Pais se mobilizam pela redução do uso de celulares por adolescentes na Espanha
Foto: Antônio Cruz/Agência Brasil
A proibição ou pelo menos a restrição ao uso de telefones celulares por adolescentes até os 16 anos de idade está mobilizando centenas de pais na Catalunha, Espanha. O movimento Adolescência sem celular lançou um alerta para as consequências nocivas do uso prolongado de telas representa para os jovens, como problemas de saúde, agressividade e isolamento social.
Mais do que uma iniciativa de controle parental, a campanha que em catalão se chama Adolescència sense mòbil, se espalhou por todo o país ibérico, com repercussões em vários países da Europa. Para o educador e pesquisador brasileiro Hugo Monteiro Ferreira, autor do livro A geração do quarto: quando crianças e adolescentes nos ensinam a amar (Record, 154p.), as bandeiras do movimento são universais, o que significa que esse tipo de mobilização não deve demorar a chegar ao Brasil.

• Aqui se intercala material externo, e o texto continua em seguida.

(* For any $i,j\in[n]$ the real line bundles $E_{2,i}(L)$ and $E_{2,j}(L)$ over $M_2(L)$ are isomorphic.
   Context: Let $n\ge 4$, $[n]=\{1,\dots,n\}$, and $L=(l_1,\dots,l_n)$ with all $l_i>0$, generic in the sense that $\sum_{i\in I}\pm l_i\neq 0$ for every nonempty $I\subseteq[n]$ and every choice of signs. Let $\widetilde M_2(L)=\{(u_1,\dots,u_n)\in(S^1)^n:\sum_i l_iu_i=0\}$ and $M_2(L)=\widetilde M_2(L)/O(2)$, a smooth closed manifold of dimension $n-3$. The tautological line bundle $E_{2,i}(L)$ is the real line bundle over $M_2(L)$ obtained as the quotient by $O(2)$ of the bundle over $\widetilde M_2(L)$ whose fiber at $(u_1,\dots,u_n)$ is the tangent line $T_{u_i}S^1$. *)

From mathcomp Require Import all_boot all_order all_algebra.
From mathcomp Require Import boolp classical_sets reals.
Set Implicit Arguments. Unset Strict Implicit. Unset Printing Implicit Defensive.
Import Order.TTheory GRing.Theory Num.Theory.
Local Open Scope ring_scope.
Local Open Scope classical_set_scope.

(* An element of O(2): [[c, -e s], [s, e c]] with c^2 + s^2 = 1 and
   e = -1 if o2refl is true (reflection), e = 1 otherwise (rotation). *)
Record O2 (R : realType) := MkO2 {
  o2c : R; o2s : R; o2refl : bool;
  o2_unit : o2c ^+ 2 + o2s ^+ 2 = 1 }.

Definition o2act (R : realType) (g : O2 R) (x : R * R) : R * R :=
  let e : R := if o2refl g then -1 else 1 in
  (o2c g * x.1 - e * o2s g * x.2, o2s g * x.1 + e * o2c g * x.2).

Definition config (R : realType) (n : nat) := 'I_n -> R * R.

Definition Mtilde (R : realType) (n : nat) (l : 'I_n -> R) : set (config R n) :=
  [set u | (forall k, (u k).1 ^+ 2 + (u k).2 ^+ 2 = 1) /\
           \sum_k l k * (u k).1 = 0 /\ \sum_k l k * (u k).2 = 0].

(* total space of the bundle over \tilde M_2(L) with fiber T_{u_i} S^1
   (the line in R^2 orthogonal to u_i) *)
Definition Etilde (R : realType) (n : nat) (l : 'I_n -> R) (i : 'I_n)
  : set (config R n * (R * R)) :=
  [set x | Mtilde l x.1 /\ (x.1 i).1 * x.2.1 + (x.1 i).2 * x.2.2 = 0].

Definition act_cfg (R : realType) (n : nat) (g : O2 R) (u : config R n)
  : config R n := fun k => o2act g (u k).
Definition act_tot (R : realType) (n : nat) (g : O2 R) (x : config R n * (R * R))
  : config R n * (R * R) := (act_cfg g x.1, o2act g x.2).

Definition orbit_cfg (R : realType) (n : nat) (u : config R n) : set (config R n) :=
  range (fun g : O2 R => act_cfg g u).
Definition orbit_tot (R : realType) (n : nat) (x : config R n * (R * R))
  : set (config R n * (R * R)) :=
  range (fun g : O2 R => act_tot g x).

(* M_2(L) = \tilde M_2(L) / O(2), points are O(2)-orbits *)
Definition M2 (R : realType) (n : nat) (l : 'I_n -> R) : set (set (config R n)) :=
  (@orbit_cfg R n) @` Mtilde l.

Definition E2 (R : realType) (n : nat) (l : 'I_n -> R) (i : 'I_n)
  : set (set (config R n * (R * R))) :=
  (@orbit_tot R n) @` Etilde l i.

Definition bproj (R : realType) (n : nat) (C : set (config R n * (R * R)))
  : set (config R n) := [set u | exists v, C (u, v)].

(* metrics inducing the standard topologies on (R^2)^n and (R^2)^n x R^2 *)
Definition dist_cfg (R : realType) (n : nat) (u u' : config R n) : R :=
  \sum_k (`|(u k).1 - (u' k).1| + `|(u k).2 - (u' k).2|).
Definition dist_tot (R : realType) (n : nat) (x y : config R n * (R * R)) : R :=
  dist_cfg x.1 y.1 + `|x.2.1 - y.2.1| + `|x.2.2 - y.2.2|.

Definition rel_open (R : realType) (T : Type) (d : T -> T -> R) (S U : set T) :=
  forall x, S x -> U x -> exists2 e : R, 0 < e & forall y, S y -> d x y < e -> U y.

(* quotient topology on orb @` S: a family F of orbits is open iff its
   preimage in S is open in S *)
Definition quot_open (R : realType) (T : Type) (d : T -> T -> R) (S : set T)
  (orb : T -> set T) (F : set (set T)) :=
  rel_open d S [set x | S x /\ F (orb x)].

Definition quot_cont (R : realType) (T : Type) (d : T -> T -> R)
  (S1 S2 : set T) (orb : T -> set T) (f : set T -> set T) :=
  forall F, quot_open d S2 orb F -> quot_open d S1 orb [set C | F (f C)].

Definition vadd (R : realType) (a : R) (v w : R * R) : R * R :=
  (a * v.1 + w.1, a * v.2 + w.2).

(* Phi : E_{2,i}(L) -> E_{2,j}(L) is an isomorphism of real line bundles
   over M_2(L), with inverse Psi: a homeomorphism of total spaces commuting
   with the projections and linear on each fiber (the linear structure on
   the fiber over [u] being the one transported from T_{u_i}S^1 via
   v |-> [u, v]). *)
Definition line_bundle_iso (R : realType) (n : nat) (l : 'I_n -> R) (i j : 'I_n)
  (Phi Psi : set (config R n * (R * R)) -> set (config R n * (R * R))) :=
  (forall C, E2 l i C -> E2 l j (Phi C)) /\
      (forall C, E2 l j C -> E2 l i (Psi C)) /\
      (forall C, E2 l i C -> Psi (Phi C) = C) /\
      (forall C, E2 l j C -> Phi (Psi C) = C) /\
      (forall C, E2 l i C -> bproj (Phi C) = bproj C) /\
      (forall u (a : R) v w v' w',
         Etilde l i (u, v) -> Etilde l i (u, w) ->
         Etilde l j (u, v') -> Etilde l j (u, w') ->
         Phi (orbit_tot (u, v)) = orbit_tot (u, v') ->
         Phi (orbit_tot (u, w)) = orbit_tot (u, w') ->
         Phi (orbit_tot (u, vadd a v w)) = orbit_tot (u, vadd a v' w')) /\
      quot_cont (@dist_tot R n) (Etilde l i) (Etilde l j) (@orbit_tot R n) Phi /\
      quot_cont (@dist_tot R n) (Etilde l j) (Etilde l i) (@orbit_tot R n) Psi.

From mathcomp Require Import all_boot all_order all_algebra.
From mathcomp Require Import boolp classical_sets reals.
From mathcomp Require Import ring lra.
Set Implicit Arguments. Unset Strict Implicit. Unset Printing Implicit Defensive.
Import Order.TTheory GRing.Theory Num.Theory.
Local Open Scope ring_scope.
Local Open Scope classical_set_scope.

(* Write J for the rotation by a right angle. Over u in \tilde M_2(L) the
   fibre T_{u_i}S^1 is the line spanned by J u_i, and v |-> cross(u_i, v) J u_j
   maps it isomorphically onto T_{u_j}S^1, with inverse given by the same
   recipe with i and j exchanged. An element of O(2) multiplies both
   cross(u_i, v) and J u_j by its determinant, so this polynomial map is
   O(2)-equivariant and descends to a homeomorphism of the quotient total
   spaces over the identity of M_2(L). Linearity on the fibres of the quotient
   requires the action of O(2) on \tilde M_2(L) to be free: a rotation fixing
   a unit vector is the identity, and a reflection fixing every u_k forces the
   u_k onto one line, so u_k = +-u_i and sum_k +-l_k = 0, against genericity. *)

Section Plane.
Variable R : realType.
Implicit Types (a b v w : R * R) (c : R) (g : O2 R).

Pós-doutor em Estudos da Criança pela Universidade do Minho, Portugal e doutor em Educação pela Universidade Federal do Rio Grande do Norte (UFRN) Ferreira apoia a iniciativa e diz que a tendência é que ocorra uma onda de conscientização, com adaptação das restrições a cada tipo de sociedade.

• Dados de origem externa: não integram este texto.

Lemma remainder_triple {E F} k (g : car (iterO k E) -> car F) x h t :
  remainder k g (triple x h t) =
    g (base k (pairO x h) + t *: dir k (pairO x h)) - g (base k (pairO x h)).
Proof. by rewrite /remainder /triple !p1_pair !p2_pair toK_ofK. Qed.

Lemma expansion_exists {E F} {U : car E -> Prop} {f : car E -> car F} k :
  opn U -> Ck k U f -> exists a R, is_expansion k U f a R.
Proof.
move=> oU Cf; have [g gP] := DQ_family k oU Cf.
have dq j : (j < k)%N -> is_DQ U^[j] (g j) (g j.+1).
  by move=> jk; apply: Dk_is_DQ oU (gP j (ltnW jk)).1 (gP j.+1 jk).1.
exists (fun j z => g j (base j z)), (remainder k (g k)); split; [|split; [|split]].
- by move=> j jk; apply: Ck_comp_base oU (gP j jk).2.
- exists (remainder k (g k)); split=> //.
  exact: C0_remainder oU (Dk_C0 oU (gP k (leqnn k)).1).
- by move=> x h _; rewrite remainder_triple scale0r addr0 subrr.
- move=> x h t /V1_triple[Ux Uxt]; have [[_ fg0] _] := gP 0%N (leq0n k).
  have := DQ_telescope g k (pairO x h) t dq; rewrite !p1_pair !p2_pair -fg0 // => -> //.
  by rewrite big_ord_recr remainder_triple scalerBr addrA addrAC addrK.
Qed.

Lemma expansion_on_line {E F} {U : car E -> Prop} {f : car E -> car F} {k a R} x h :
  opn U -> is_expansion k U f a R -> U x ->
  [/\ C0 (line_dom U x h) (fun s => R (triple x h (toK s))),
      R (triple x h (toK (ofK (c:=C) 0))) = 0 &
      forall s, line_dom U x h s ->
        f (x + toK s *: h) =
          taylor k (fun j => a j (pairO x h)) (fun s => R (triple x h (toK s))) s].
Proof.
move=> oU [_ [[R0 [cR _]] [R00 Rexp]]] Ux; have oO := opn_line_dom x h oU; split.
- exact: C0_comp oO (opn_V1 oU) (fun s => V1_line_dom Ux) (C0_line_triple x h oO) cR.
- by rewrite toK_ofK R00.
- by move=> s Us; rewrite Rexp //; apply: V1_line_dom.
Qed.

“É bom ver que os pais não estão dormindo. Sou favorável ao movimento, só creio que precise de ajustes”, afirma o pesquisador.
No entanto, ele não deixa de ver uma certa ambivalência no Adolescència sense mòbil. “Num polo, é justa, é necessária a preocupação dos pais e das mães, uma vez que o uso excessivo é prejudicial ao desenvolvimento de crianças, adolescentes e jovens. Num outro polo, eu entendo que o uso dos celulares pelos adolescentes não é fruto de um comportamento alheio à família, à escola, à sociedade de modo geral”, reflete.
Movimento surge no desespero
Foto: Acervo Pessoal
Diante das séries de episódios de violência que vêm ocorrendo nas escolas, Monteiro Ferreira tem sido fonte de informações recorrente para a imprensa brasileira.
Para ele que já colocou em seu radar o movimento espanhol, é importante que se “ouvisse quem dele fala. Afinal, a decisão hierárquica não traz benefícios. É importante, essencial, envolver os adolescentes nesse movimento. Eles podem ser os grandes críticos das empresas neoliberais, voltadas exclusivamente para o lucro”.
Para ele, as informações a respeito do que ocorre na Espanha dão conta de que o movimento surge de cima para baixo, de forma autoritária, sem maiores discussões dos pais com seus filhos.
“No desespero. É fruto de uma ação exógena ao processo”, analisa.
Se o Adolescència sense mòbil também tem bases em uma onda moralizante, ele entende que é necessário se chegar na questão ética.
“O certo é que se pode dizer que 60% dos conteúdos violentos apresentados na internet são vistos por pessoas menores de 18 anos. Pesquisas empíricas indicam que entre dez adolescentes, oito veem ou já viram ao menos três vezes pornografia”, ilustra.
Como começou
O movimento surgiu no início do ano letivo europeu que começou entre agosto e setembro.
Nas ilhas Baleares, arquipélago localizado na costa Leste da Espanha, no Mediterrâneo, iniciativa mobilizou Laura Moyà e Xim Fuster, pais de uma adolescente que chegou ao ensino secundário sem ter um telefone celular.
O movimento reuniu mais de mil pais em apenas 24 horas, demonstrando a preocupação com o acesso cada vez mais precoce das crianças e adolescentes aos dispositivos móveis.
Pais e mães de Barcelona formaram um grupo de discussão on-line para sensibilizar outros tutores sobre a necessidade de debater o acesso de menores a celulares com acesso à internet.
“Quer lutar contra a pressão social que normaliza dar um celular ao seu filho quando ele vai para a escola? Quer conhecer alternativas para não ter que fazer isso?”, era o teor de um post que foi distribuído.
Em pouco tempo o grupo originalmente criado no WhatsApp ultrapassou os limites e teve que abrir outra frente no Telegram.
Em alguns dias, os pouco participantes, chegaram a sete mil e o grupo inicial deu origem a 110 novos grupos, dos quais 53 só na região da Catalunha, e os demais no resto da Espanha.